* Material provided *
(* Let $R>0$, $n\in\mathbb N$, $Q,K,V\in\mathbb R^{k\times d}$, $A:=K^\top Q/\sqrt k$, let $f$ be self-attention with parameters $(A,V)$ and $F$ mean-field self-attention with parameters $(A,V)$. Then $$\mathrm{Lip}^{\|\cdot\|_F}\big(f_{|B_R^n}\big)\le\mathrm{Lip}^{W_2}\big(F_{|\mathcal P(B_R)}\big).$$
   Context: For $X=(x_1,\dots,x_n)\in(\mathbb R^d)^n$, $f(X)=\big(V\sum_{j=1}^nP_{ij}x_j\big)_{1\le i\le n}$ with $P_{ij}=\exp(x_i^\top A^\top x_j)/\sum_{l=1}^n\exp(x_i^\top A^\top x_l)$; $\mathrm{Lip}^{\|\cdot\|_F}(f_{|\mathcal X})=\sup_{X\ne Y\in\mathcal X}\|f(X)-f(Y)\|_F/\|X-Y\|_F$ with $\|X\|_F=(\sum_i|x_i|^2)^{1/2}$. $B_R\subset\mathbb R^d$ is the closed ball of center 0 and radius $R$ and $\mathcal P(B_R)$ the set of probability measures supported in $B_R$. Mean-field self-attention: $F(\mu):=(\Gamma_\mu)_\sharp\mu$ with $\Gamma_\mu(x)=\int\exp(x^\top A^\top y)Vy\,d\mu(y)/\int\exp(x^\top A^\top y)d\mu(y)$ and $\sharp$ the pushforward. $W_2$ is the 2-Wasserstein distance and $\mathrm{Lip}^{W_2}(F_{|\mathcal X})=\sup_{\mu\ne\nu\in\mathcal X}W_2(F(\mu),F(\nu))/W_2(\mu,\nu)$. *)

From HB Require Import structures.
From mathcomp Require Import all_boot all_order all_algebra.
From mathcomp Require Import all_classical all_reals all_analysis.

Set Implicit Arguments.
Unset Strict Implicit.
Unset Printing Implicit Defensive.

Import Order.TTheory GRing.Theory Num.Theory.
Import numFieldNormedType.Exports.

Local Open Scope classical_set_scope.
Local Open Scope ring_scope.

(* Points of R^m are represented as m.-tuple R, which MathComp-Analysis
   equips with the product (= Borel) sigma-algebra. *)
Section Defs.
Variable R : realType.

Definition sqnorm m (x : m.-tuple R) : R := \sum_(i < m) tnth x i ^+ 2.
Definition tocv m (x : m.-tuple R) : 'cV[R]_m := \col_(i < m) tnth x i.
Definition ofcv m (c : 'cV[R]_m) : m.-tuple R := [tuple c i 0 | i < m].

Definition ballB m (r : R) : set (m.-tuple R) := [set x | sqnorm x <= r ^+ 2].

Definition attnA k d (Q K : 'M[R]_(k, d)) : 'M[R]_d :=
  (Num.sqrt (k%:R))^-1 *: (K^T *m Q).

Definition bil d (A : 'M[R]_d) (x y : d.-tuple R) : R :=
  ((tocv x)^T *m A^T *m tocv y) 0 0.

Definition applyV k d (V : 'M[R]_(k, d)) (y : d.-tuple R) : k.-tuple R :=
  ofcv (V *m tocv y).

Definition Pij n d (A : 'M[R]_d) (X : 'I_n -> d.-tuple R) (i j : 'I_n) : R :=
  expR (bil A (X i) (X j)) / \sum_(l < n) expR (bil A (X i) (X l)).

Definition selfattn n k d (A : 'M[R]_d) (V : 'M[R]_(k, d))
  (X : 'I_n -> d.-tuple R) : 'I_n -> k.-tuple R :=
  fun i => ofcv (V *m \sum_(j < n) (Pij A X i j *: tocv (X j))).

Definition frob n m (X : 'I_n -> m.-tuple R) : R :=
  Num.sqrt (\sum_(i < n) sqnorm (X i)).

Definition subX n m (X Y : 'I_n -> m.-tuple R) : 'I_n -> m.-tuple R :=
  fun i => [tuple tnth (X i) j - tnth (Y i) j | j < m].

(* Lip^{||.||_F}(f restricted to Xs); Lipschitz constants are >= 0, hence
   the 0 in the supremum (it only matters when Xs has < 2 points). *)
Definition LipF n m p (f : ('I_n -> m.-tuple R) -> ('I_n -> p.-tuple R))
  (Xs : set ('I_n -> m.-tuple R)) : \bar R :=
  ereal_sup ([set 0%E] `|`
    [set r | exists X Y, [/\ Xs X, Xs Y, X <> Y &
       r = (frob (subX (f X) (f Y)) / frob (subX X Y))%:E]]).

Definition Gamma k d (A : 'M[R]_d) (V : 'M[R]_(k, d))
  (mu : probability (d.-tuple R) R) (x : d.-tuple R) : k.-tuple R :=
  [tuple (Rintegral mu setT (fun y => expR (bil A x y) * tnth (applyV V y) i)
          / Rintegral mu setT (fun y => expR (bil A x y))) | i < k].

Definition meanfield k d (A : 'M[R]_d) (V : 'M[R]_(k, d))
  (mu : probability (d.-tuple R) R) : set (k.-tuple R) -> \bar R :=
  pushforward mu (Gamma A V mu).

Definition is_coupling m (mu nu : set (m.-tuple R) -> \bar R)
  (pi : probability (m.-tuple R * m.-tuple R)%type R) : Prop :=
  forall A : set (m.-tuple R), measurable A ->
    pi (A `*` setT) = mu A /\ pi (setT `*` A) = nu A.

Definition sqdist m (z : m.-tuple R * m.-tuple R) : R :=
  \sum_(i < m) (tnth z.1 i - tnth z.2 i) ^+ 2.

Definition W2sq m (mu nu : set (m.-tuple R) -> \bar R) : \bar R :=
  ereal_inf [set (\int[pi]_z (sqdist z)%:E)%E
              | pi in [set pi | is_coupling mu nu pi]].

(* square root on [0, +oo] (never applied to negative values here) *)
Definition sqrte (x : \bar R) : \bar R :=
  match x with
  | r%:E => (Num.sqrt r)%:E
  | +oo%E => +oo%E
  | -oo%E => 0%E
  end.

Definition W2 m (mu nu : set (m.-tuple R) -> \bar R) : \bar R :=
  sqrte (W2sq mu nu).

(* quotient a / b in [0, +oo] for b > 0 (conventions x/+oo = 0 for finite x,
   +oo/b = +oo); only used with b = W2 mu nu, mu <> nu. *)
Definition edivp (a b : \bar R) : \bar R :=
  match a, b with
  | r%:E, s%:E => (r / s)%:E
  | r%:E, _ => 0%E
  | _, _ => +oo%E
  end.

Definition supported_in m (r : R) (mu : probability (m.-tuple R) R) : Prop :=
  mu (~` @ballB m r) = 0%E.

Definition LipW2 k d (r : R)
  (F : probability (d.-tuple R) R -> set (k.-tuple R) -> \bar R) : \bar R :=
  ereal_sup ([set 0%E] `|`
    [set e | exists mu nu : probability (d.-tuple R) R,
       [/\ supported_in r mu, supported_in r nu,
           (mu : set _ -> \bar R) <> nu &
           e = edivp (W2 (F mu) (F nu)) (W2 mu nu)]]).

End Defs.

From Pilot Require Import Defs.
From HB Require Import structures.
From mathcomp Require Import all_boot all_order all_algebra.
From mathcomp Require Import all_classical all_reals all_analysis.
From mathcomp Require Import measurable_realfun.
From mathcomp Require Import ring lra.
Import Order.TTheory GRing.Theory Num.Theory.
Import numFieldNormedType.Exports.
Set Implicit Arguments.
Unset Strict Implicit.
Unset Printing Implicit Defensive.
Local Open Scope classical_set_scope.
Local Open Scope ring_scope.

(* The mean-field map sends the empirical measure of a configuration [X] to
   the empirical measure of [f X].  When every point of [Y] lies within half
   the gap separating the matching point of [X] from the other points of [X],
   the diagonal coupling of the two empirical measures is optimal (the
   potential "squared distance to the nearest point of [X]" certifies it), so
   their [W2] distance is the Frobenius distance divided by [sqrt n].  This
   holds for all nearby pairs on the segment [s |-> X + s (Y - X)], which stays
   in [B_R^n] and along which [f] is continuous; so [s |-> f (X + s (Y - X))]
   is locally [Lip^W2]-Lipschitz, and a continuous induction on [[0, 1]] turns
   this into the global bound between [f X] and [f Y]. *)

Section Euclidean.
Variable R : realType.

Lemma lagrange_identity (I : finType) (u v : I -> R) :
  \sum_i \sum_j (u i * v j - u j * v i) ^+ 2 =
  2 * ((\sum_i u i ^+ 2) * (\sum_i v i ^+ 2)) - 2 * (\sum_i u i * v i) ^+ 2.
Proof.
have expand i j : (u i * v j - u j * v i) ^+ 2 =
    u i ^+ 2 * v j ^+ 2 + u j ^+ 2 * v i ^+ 2 - 2 * ((u i * v i) * (u j * v j)).
  by ring.
under eq_bigr do under eq_bigr do rewrite expand.
under eq_bigr do rewrite sumrB big_split /=.
rewrite sumrB big_split /=.
have -> : \sum_i \sum_j u i ^+ 2 * v j ^+ 2 = (\sum_i u i ^+ 2) * (\sum_i v i ^+ 2).
  by rewrite mulr_suml; apply: eq_bigr => i _; rewrite mulr_sumr.
have -> : \sum_i \sum_j u j ^+ 2 * v i ^+ 2 = (\sum_i u i ^+ 2) * (\sum_i v i ^+ 2).
  rewrite mulrC mulr_suml; apply: eq_bigr => i _; rewrite mulr_sumr.
  by apply: eq_bigr => j _; rewrite mulrC.
have -> : \sum_i \sum_j 2 * ((u i * v i) * (u j * v j)) = 2 * (\sum_i u i * v i) ^+ 2.
  rewrite expr2 mulr_suml mulr_sumr; apply: eq_bigr => i _.
  by rewrite !mulr_sumr; apply: eq_bigr => j _; ring.
ring.
Qed.

Lemma cauchy_schwarz (I : finType) (u v : I -> R) :
  \sum_i u i * v i <= Num.sqrt (\sum_i u i ^+ 2) * Num.sqrt (\sum_i v i ^+ 2).
Proof.
rewrite -sqrtrM; last by apply: sumr_ge0 => i _; exact: sqr_ge0.
apply: le_trans (ler_norm _) _; rewrite -sqrtr_sqr; apply: ler_wsqrtr.
have := lagrange_identity u v.
have : 0 <= \sum_i \sum_j (u i * v j - u j * v i) ^+ 2.
  by apply: sumr_ge0 => i _; apply: sumr_ge0 => j _; exact: sqr_ge0.
lra.
Qed.

Lemma minkowski (I : finType) (u v : I -> R) :
  Num.sqrt (\sum_i (u i + v i) ^+ 2) <=
  Num.sqrt (\sum_i u i ^+ 2) + Num.sqrt (\sum_i v i ^+ 2).
Proof.
have hu : 0 <= \sum_i u i ^+ 2 by apply: sumr_ge0 => i _; exact: sqr_ge0.
have hv : 0 <= \sum_i v i ^+ 2 by apply: sumr_ge0 => i _; exact: sqr_ge0.
rewrite -(ger0_norm (addr_ge0 (sqrtr_ge0 _) (sqrtr_ge0 _))) -sqrtr_sqr.
apply: ler_wsqrtr; rewrite sqrrD !sqr_sqrtr //.
have -> : \sum_i (u i + v i) ^+ 2 =
    \sum_i u i ^+ 2 + \sum_i v i ^+ 2 + 2 * \sum_i u i * v i.
  by rewrite mulr_sumr -!big_split /=; apply: eq_bigr => i _; ring.
have := cauchy_schwarz u v; lra.
Qed.

Lemma sqdist_ge0 p (z : p.-tuple R * p.-tuple R) : 0 <= sqdist z.
Proof. by apply: sumr_ge0 => i _; exact: sqr_ge0. Qed.

Lemma sqdistC p (x y : p.-tuple R) : sqdist (x, y) = sqdist (y, x).
Proof. by apply: eq_bigr => i _; rewrite -sqrrN opprB. Qed.

Lemma sqdist_xx p (x : p.-tuple R) : sqdist (x, x) = 0.
Proof. by rewrite /sqdist big1 // => i _; rewrite subrr expr0n. Qed.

* Exercise directions *
Your output should be the lines from the one with "apply: le_trans (ler_norm" through the end of the records above, copied exactly.

* Written solution *
apply: le_trans (ler_norm _) _; rewrite -sqrtr_sqr; apply: ler_wsqrtr.
have := lagrange_identity u v.
have : 0 <= \sum_i \sum_j (u i * v j - u j * v i) ^+ 2.
  by apply: sumr_ge0 => i _; apply: sumr_ge0 => j _; exact: sqr_ge0.
lra.
Qed.

Lemma minkowski (I : finType) (u v : I -> R) :
  Num.sqrt (\sum_i (u i + v i) ^+ 2) <=
  Num.sqrt (\sum_i u i ^+ 2) + Num.sqrt (\sum_i v i ^+ 2).
Proof.
have hu : 0 <= \sum_i u i ^+ 2 by apply: sumr_ge0 => i _; exact: sqr_ge0.
have hv : 0 <= \sum_i v i ^+ 2 by apply: sumr_ge0 => i _; exact: sqr_ge0.
rewrite -(ger0_norm (addr_ge0 (sqrtr_ge0 _) (sqrtr_ge0 _))) -sqrtr_sqr.
apply: ler_wsqrtr; rewrite sqrrD !sqr_sqrtr //.
have -> : \sum_i (u i + v i) ^+ 2 =
    \sum_i u i ^+ 2 + \sum_i v i ^+ 2 + 2 * \sum_i u i * v i.
  by rewrite mulr_sumr -!big_split /=; apply: eq_bigr => i _; ring.
have := cauchy_schwarz u v; lra.
Qed.

Lemma sqdist_ge0 p (z : p.-tuple R * p.-tuple R) : 0 <= sqdist z.
Proof. by apply: sumr_ge0 => i _; exact: sqr_ge0. Qed.

Lemma sqdistC p (x y : p.-tuple R) : sqdist (x, y) = sqdist (y, x).
Proof. by apply: eq_bigr => i _; rewrite -sqrrN opprB. Qed.

Lemma sqdist_xx p (x : p.-tuple R) : sqdist (x, x) = 0.
Proof. by rewrite /sqdist big1 // => i _; rewrite subrr expr0n. Qed.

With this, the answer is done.